(** phi belongs to UC_g (phi : (-oo, t0] -> R_+, represented on R). *)
Definition seirs_UCg (t0 : R) (g : R -> R) (phi : R -> R) : Prop :=
  {within `]-oo, t0], continuous phi} /\
  (forall t, t <= t0 -> 0 <= phi t) /\
  (exists M, forall t, t <= t0 -> `| phi t | / g t <= M) /\
  (forall e, 0 < e -> exists del, 0 < del /\
     forall x y, x <= t0 -> y <= t0 -> `| x - y | < del ->
       `| `| phi x | / g x - `| phi y | / g y | < e).

Definition seirs_gnorm (t0 : R) (g : R -> R) (phi : R -> R) : R :=
  sup [set `| phi t | / g t | t in `]-oo, t0]].

Definition seirs_G_assumptions (G : R -> R) : Prop :=
  (forall x, 0 <= x -> 0 <= G x) /\
  G 0 = 0 /\
  ({in `[0, +oo[ &, forall x y, x < y -> G x < G y} \/
            {in `[0, +oo[ &, forall x y, x < y -> G y < G x}) /\
  ({within `[0, +oo[, continuous G} /\
            (forall x, 0 < x -> derivable G x 1 /\ derivable (derive1 G) x 1) /\
            {in `]0, +oo[, continuous (derive1n 2 G)} /\
            (forall x, 0 < x -> derive1n 2 G x < 0)) /\
  (exists C : R, 0 <= C /\ G @ +oo --> C) /\
  (forall x, 0 < x -> G x <= x) /\
  (forall x y, 0 < x -> 0 < y -> (G x / x - G y / y) * (G x - G y) <= 0).

Definition seirs_force_S (t0 h1 muv : R) (f1 G I : R -> R) (t : R) : R :=
  seirs_Lint `[t0, h1] (fun s => f1 s * expR (- (muv * s)) * G (I (t - s))).

Definition seirs_force_I (t0 h1 h2 mu muv : R) (f1 f2 G S I : R -> R) (t : R) : R :=
  seirs_Lint `[t0, h2] (fun u => f2 u * S (t - u) *
    seirs_Lint `[t0, h1] (fun s => f1 s * expR (- (muv * s) - mu * u) * G (I (t - s - u)))).

Definition seirs_recov_term (t0 mu : R) (f3 I : R -> R) (t : R) : R :=
  seirs_Lint `[t0, +oo[ (fun r => f3 r * I (t - r) * expR (- (mu * r))).

Definition seirs_is_solution (t0 h1 h2 B beta mu muv alpha d : R)
  (g f1 f2 f3 G S E I Rv : R -> R) : Prop :=
  continuous S /\ continuous E /\ continuous I /\ continuous Rv /\
  seirs_UCg t0 g S /\ seirs_UCg t0 g E /\ seirs_UCg t0 g I /\ seirs_UCg t0 g Rv /\
  0 < S t0 /\ 0 < E t0 /\ 0 < I t0 /\ 0 < Rv t0 /\
  (forall t, t0 <= t ->
     (@lebesgue_measure R).-integrable `[t0, +oo[
        (fun r => (f3 r * I (t - r) * expR (- (mu * r)))%:E)) /\
  (forall t, t0 < t ->
     is_derive t 1 S (B - beta * S t * seirs_force_S t0 h1 muv f1 G I t - mu * S t
                        + alpha * seirs_recov_term t0 mu f3 I t) /\
     is_derive t 1 E (beta * S t * seirs_force_S t0 h1 muv f1 G I t - mu * E t
                        - beta * seirs_force_I t0 h1 h2 mu muv f1 f2 G S I t) /\
     is_derive t 1 I (beta * seirs_force_I t0 h1 h2 mu muv f1 f2 G S I t
                        - (mu + d + alpha) * I t) /\
     is_derive t 1 Rv (alpha * I t - mu * Rv t - alpha * seirs_recov_term t0 mu f3 I t)) /\
  (forall t, t0 <= t ->
     0 <= S t /\ 0 <= E t /\ 0 <= I t /\ 0 <= Rv t /\
     B / (mu + d) <= S t + E t + I t + Rv t /\ S t + E t + I t + Rv t <= B / mu).

Definition seirs_Eexp (t0 h1 h2 mu muv : R) (f1 f2 : R -> R) : R :=
  seirs_Lint `[t0, h2] (fun u => seirs_Lint `[t0, h1]
    (fun s => expR (- (muv * s) - mu * u) * f2 u * f1 s)).

End Defs.

(** Let [K] and [J] be the Laplace transforms of the delays [T1] and [T2]
    at [muv] and [mu]; then [E(exp(-(muv T1 + mu T2))) = K J], and either hypothesis
    gives [k := beta K J < mu + d + alpha].  Pick [A > 0] with [k (1 + A) < mu + d + alpha]
    and [beta A < mu eps/2].  If the initial data are [A / g(t0 - h1 - h2)]-close to
    [(1, 0)] in [UC_g], then [|S - 1| < A] and [I < A] on the whole delay window
    [[t0 - h1 - h2, t0]].  At the first time [I] would reach [A], the force of infection
    is at most [(1 + A) A K J], so [I' <= (k (1 + A) - (mu + d + alpha)) A < 0]: hence
    [I < A] forever.  At the first time [S] would fall to [1 - eps/2], the infection term
    is at most [beta A < mu eps/2] while [B - mu S = mu eps/2], so [S' > 0]: hence
    [S > 1 - eps/2] forever.  Finally [S <= 1] since [S + E + I + R <= B/mu = 1]. *)

From mathcomp Require Import all_boot all_order all_algebra.
From mathcomp Require Import all_classical all_reals all_analysis.
From mathcomp Require Import ring lra measurable_realfun.
Set Implicit Arguments. Unset Strict Implicit. Unset Printing Implicit Defensive.
Import Order.TTheory GRing.Theory Num.Theory.
Import numFieldNormedType.Exports.
Local Open Scope classical_set_scope.
Local Open Scope ring_scope.

Section barrier.
Variable R : realType.
Implicit Types (f : R -> R) (a s x A l : R).

Lemma is_derive_ge0_left_max f a s l : a < s -> is_derive s 1 f l ->
  (forall y, a <= y -> y < s -> f y < f s) -> 0 <= l.
Proof.
move=> lt_as [df dfl] fs_max; rewrite leNgt; apply/negP => l_lt0.
have quot_cvg : (fun h : R => h^-1 *: ((f \o shift s) (h *: 1) - f s)) @ 0^' --> l.
  by rewrite -dfl; exact: df.
have : \forall h \near 0^', h^-1 *: ((f \o shift s) (h *: 1) - f s) < 0.
  exact: cvgr_lt l quot_cvg 0 l_lt0.
rewrite /= near_withinE => /nbhs_ballP[e /= e0 quot_lt0].
pose h := - Num.min e (s - a) / 2.
have m_gt0 : 0 < Num.min e (s - a) by rewrite lt_min e0 subr_gt0.
have [me ms] : Num.min e (s - a) <= e /\ Num.min e (s - a) <= s - a.
  by split; rewrite ge_min lexx ?orbT.
have h_lt0 : h < 0 by rewrite /h; lra.
have : ball 0 e h by rewrite /ball /= sub0r normrN ltr0_norm //; rewrite /h; lra.
move/quot_lt0/(_ (ltr0_neq0 h_lt0)); rewrite /= scaler1 [h + s]addrC.
rewrite ltNge => /negP; apply; rewrite mulr_le0 // ?invr_le0 ?ltW //.
by rewrite subr_lt0 fs_max /h; lra.
Qed.

Lemma exists_first_hit f a x A : continuous f -> f a < A -> a <= x -> A <= f x ->
  exists s, [/\ a < s, s <= x, f s = A & forall y, a <= y -> y < s -> f y < A].
Proof.
move=> cf fa_lt le_ax A_le.
pose E := [set t | a <= t <= x /\ A <= f t].
have E_x : E x by split => //; rewrite le_ax lexx.
have E_lb : has_lbound E by exists a => t [/andP[]].
have le_infE : lbound E (inf E) := ge_inf E_lb.
set s := inf E in le_infE *.
have le_as : a <= s by apply: lb_le_inf; [exists x | move=> t [/andP[]]].
have below : forall y, a <= y -> y < s -> f y < A.
  move=> y ay ys; rewrite ltNge; apply/negP => Afy.
  have E_y : E y by split => //; rewrite ay /= (le_trans (ltW ys)) // le_infE.
  by have := le_infE _ E_y; rewrite leNgt ys.
have A_le_fs : A <= f s.
  rewrite leNgt; apply/negP => fs_lt.
  have : \forall y \near s, f y < A by exact: cvgr_lt (f s) (cf s) A fs_lt.
  case/nbhs_ballP => e /= e0 fe_lt.
  have [y Ey ys] := inf_adherent e0 (conj (ex_intro _ x E_x) E_lb).
  have : f y < A by apply: fe_lt; rewrite /ball /= ler0_norm ?subr_le0 ?le_infE //; lra.
  by case: Ey => _; rewrite leNgt => /negP.
have lt_as : a < s.
  by rewrite lt_neqAle le_as andbT; apply: contraTneq fa_lt => ->; rewrite -leNgt.
exists s; split => //; first exact: le_infE.
apply/eqP; rewrite eq_le A_le_fs andbT leNgt; apply/negP => A_lt.
have : \forall y \near s, A < f y by exact: cvgr_gt (f s) (cf s) A A_lt.
case/nbhs_ballP => e /= e0 fe_gt.
pose m := Num.min e (s - a).
have [m0 me ms] : [/\ 0 < m, m <= e & m <= s - a].
  by split; rewrite ?lt_min ?e0 ?subr_gt0 // ge_min lexx ?orbT.
have : A < f (s - m / 2) by apply: fe_gt; rewrite /ball /= opprB addrC subrK ger0_norm; lra.
by rewrite ltNge ltW // below //; lra.
Qed.

Lemma continuous_upper_barrier f a A : continuous f -> f a < A ->
  (forall s, a < s -> f s = A -> (forall y, a <= y -> y < s -> f y < A) ->
     exists2 l, is_derive s 1 f l & l < 0) ->
  forall x, a <= x -> f x < A.
Proof.
move=> cf fa_lt hit_decr x le_ax; rewrite ltNge; apply/negP => A_le.
have [s [lt_as _ fsA below]] := exists_first_hit cf fa_lt le_ax A_le.
have [l dfl l_lt0] := hit_decr s lt_as fsA below.
have := is_derive_ge0_left_max lt_as dfl; rewrite fsA => /(_ below).
by rewrite leNgt l_lt0.
Qed.

End barrier.

(* [seirs_laplace `[t0, h] f a] is [E(exp(-a T))] for a delay [T] with density [f]. *)
Definition seirs_laplace (R : realType) (A : set R) (f : R -> R) (a : R) : R :=
  seirs_Lint A (fun x => f x * expR (- (a * x))).

Section integrals.
Variable R : realType.
Local Notation mu := (@lebesgue_measure R).
Implicit Types (D : set R) (f h w : R -> R).

(* Neither [h] nor [w] need be measurable: the integral of a nonnegative function is
   the supremum of the integrals of the simple functions below it. *)
Lemma ge0_le_integral_lower D h w : (forall x, D x -> 0 <= h x <= w x) ->
  (\int[mu]_(x in D) (h x)%:E <= \int[mu]_(x in D) (w x)%:E)%E.
Proof.
move=> hw.
have h_ge0 x : D x -> (0 <= (h x)%:E)%E by move=> /hw /andP[].
have w_ge0 x : D x -> (0 <= (w x)%:E)%E by move=> /hw /andP[h0 /(le_trans h0)].
rewrite !ge0_integralE //; apply: ereal_sup_le => _ [s /= s_le <-].
exists s => //= x; apply: (le_trans (s_le x)); apply: lee_restrict => y Dy.
by rewrite lee_fin; case/andP: (hw y Dy).
Qed.

Lemma le_Lint D h w : (forall x, D x -> 0 <= h x <= w x) ->
  mu.-integrable D (EFin \o w) -> seirs_Lint D h <= seirs_Lint D w.
Proof.
move=> hw /integrableP[_ w_fin].
have h_ge0 x : D x -> (0 <= (h x)%:E)%E by move=> /hw /andP[].
have w_ge0 x : D x -> (0 <= (w x)%:E)%E by move=> /hw /andP[h0 /(le_trans h0)].
have w_int_fin : (\int[mu]_(x in D) (w x)%:E < +oo)%E.
  rewrite (le_lt_trans _ w_fin) // le_eqVlt; apply/orP; left; apply/eqP.
  by apply: eq_integral => x /[!inE] Dx; rewrite /= ger0_norm // -lee_fin w_ge0.
have := ge0_le_integral_lower hw.
rewrite /seirs_Lint /Rintegral => le_hw; rewrite fine_le //.
- by rewrite ge0_fin_numE ?(le_lt_trans le_hw) // integral_ge0.
- by rewrite ge0_fin_numE // integral_ge0.
Qed.

Lemma LintZl D w (C : R) : measurable D -> mu.-integrable D (EFin \o w) ->
  seirs_Lint D (fun x => C * w x) = C * seirs_Lint D w.
Proof. by move=> mD int_w; rewrite /seirs_Lint RintegralZl. Qed.

Lemma Lint_le_scale D w h (C : R) : measurable D ->
  mu.-integrable D (EFin \o w) -> (forall x, D x -> 0 <= h x <= C * w x) ->
  seirs_Lint D h <= C * seirs_Lint D w.
Proof.
move=> mD int_w hCw; rewrite -LintZl //; apply: (@le_Lint D h (fun x => C * w x) hCw).
have := integrableZl (mu := mu) mD C int_w.
by apply: eq_integrable => // x _; rewrite /= EFinM.
Qed.

Lemma Lint_density D f : seirs_is_density D f -> seirs_Lint D f = 1.
Proof. by case=> _ [_ f1]; rewrite /seirs_Lint /Rintegral f1. Qed.

Lemma integrable_density D f : measurable D -> seirs_is_density D f ->
  mu.-integrable D (EFin \o f).
Proof.
move=> mD [mf [f_ge0 f1]]; apply/integrableP; split; first exact/measurable_EFinP.
rewrite (_ : (\int[mu]_(x in D) _ = 1)%E) ?ltry // -f1.
by apply: eq_integral => x /[!inE] Dx; rewrite /= ger0_norm ?f_ge0.
Qed.

Lemma integrable_density_expR D f (a : R) : measurable D ->
  (forall x, D x -> 0 <= x) -> 0 <= a -> seirs_is_density D f ->
  mu.-integrable D (EFin \o (fun x => f x * expR (- (a * x)))).
Proof.
move=> mD D_ge0 a_ge0 densf; have [mf [f_ge0 _]] := densf.
apply: le_integrable (integrable_density mD densf) => // [|x Dx].
  apply/measurable_EFinP; apply: measurable_funM => //.
  apply: measurable_funTS; apply: continuous_measurable_fun => x.
  by apply: continuous_comp; [apply: cvgN; apply: cvgMr; exact: cvg_id | exact: continuous_expR].
rewrite /= !ger0_norm ?mulr_ge0 ?expR_ge0 ?f_ge0 //.
by rewrite lee_fin ler_piMr ?f_ge0 // expR_le1 oppr_le0 mulr_ge0 // D_ge0.
Qed.

Lemma seirs_laplace_ge0 D f (a : R) : (forall x, D x -> 0 <= f x) ->
  0 <= seirs_laplace D f a.
Proof. by move=> f_ge0; apply: Rintegral_ge0 => x Dx; rewrite mulr_ge0 ?expR_ge0 ?f_ge0. Qed.

Lemma seirs_laplace_le1 D f (a : R) : measurable D ->
  (forall x, D x -> 0 <= x) -> 0 <= a -> seirs_is_density D f -> seirs_laplace D f a <= 1.
Proof.
move=> mD D_ge0 a_ge0 densf; have [_ [f_ge0 _]] := densf.
rewrite -(Lint_density densf) -[seirs_Lint D f]mul1r.
apply: Lint_le_scale (integrable_density mD densf) _ => // x Dx.
rewrite mul1r mulr_ge0 ?expR_ge0 ?f_ge0 //.
by rewrite ler_piMr ?f_ge0 // expR_le1 oppr_le0 mulr_ge0 // D_ge0.
Qed.

End integrals.

Definition gbounded (R : realType) (t0 : R) (g phi : R -> R) : Prop :=
  exists M, forall t, t <= t0 -> `|phi t| / g t <= M.

Section gnorm.
Variables (R : realType) (t0 : R) (g : R -> R).
Hypothesis g_ge1 : forall t, t <= t0 -> 1 <= g t.

Lemma gbounded_subr (phi : R -> R) (c : R) :
  gbounded t0 g phi -> gbounded t0 g (fun t => phi t - c).
Proof.
case=> M phiM; exists (M + `|c|) => t le_tt0.
have g_gt0 : 0 < g t by apply: lt_le_trans (g_ge1 le_tt0).
rewrite ler_pdivrMr // (le_trans (ler_normB _ _)) // mulrDl lerD //.
  by rewrite -ler_pdivrMr // phiM.
by rewrite ler_peMr // g_ge1.
Qed.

Task goal =
Every line from the top of the material through the line containing "(forall x, 0 < x -> G x <= x) /\" must be transcribed exactly, and no other line may appear.

Response to the exercise =
(** phi belongs to UC_g (phi : (-oo, t0] -> R_+, represented on R). *)
Definition seirs_UCg (t0 : R) (g : R -> R) (phi : R -> R) : Prop :=
  {within `]-oo, t0], continuous phi} /\
  (forall t, t <= t0 -> 0 <= phi t) /\
  (exists M, forall t, t <= t0 -> `| phi t | / g t <= M) /\
  (forall e, 0 < e -> exists del, 0 < del /\
     forall x y, x <= t0 -> y <= t0 -> `| x - y | < del ->
       `| `| phi x | / g x - `| phi y | / g y | < e).

Definition seirs_gnorm (t0 : R) (g : R -> R) (phi : R -> R) : R :=
  sup [set `| phi t | / g t | t in `]-oo, t0]].

Definition seirs_G_assumptions (G : R -> R) : Prop :=
  (forall x, 0 <= x -> 0 <= G x) /\
  G 0 = 0 /\
  ({in `[0, +oo[ &, forall x y, x < y -> G x < G y} \/
            {in `[0, +oo[ &, forall x y, x < y -> G y < G x}) /\
  ({within `[0, +oo[, continuous G} /\
            (forall x, 0 < x -> derivable G x 1 /\ derivable (derive1 G) x 1) /\
            {in `]0, +oo[, continuous (derive1n 2 G)} /\
            (forall x, 0 < x -> derive1n 2 G x < 0)) /\
  (exists C : R, 0 <= C /\ G @ +oo --> C) /\
  (forall x, 0 < x -> G x <= x) /\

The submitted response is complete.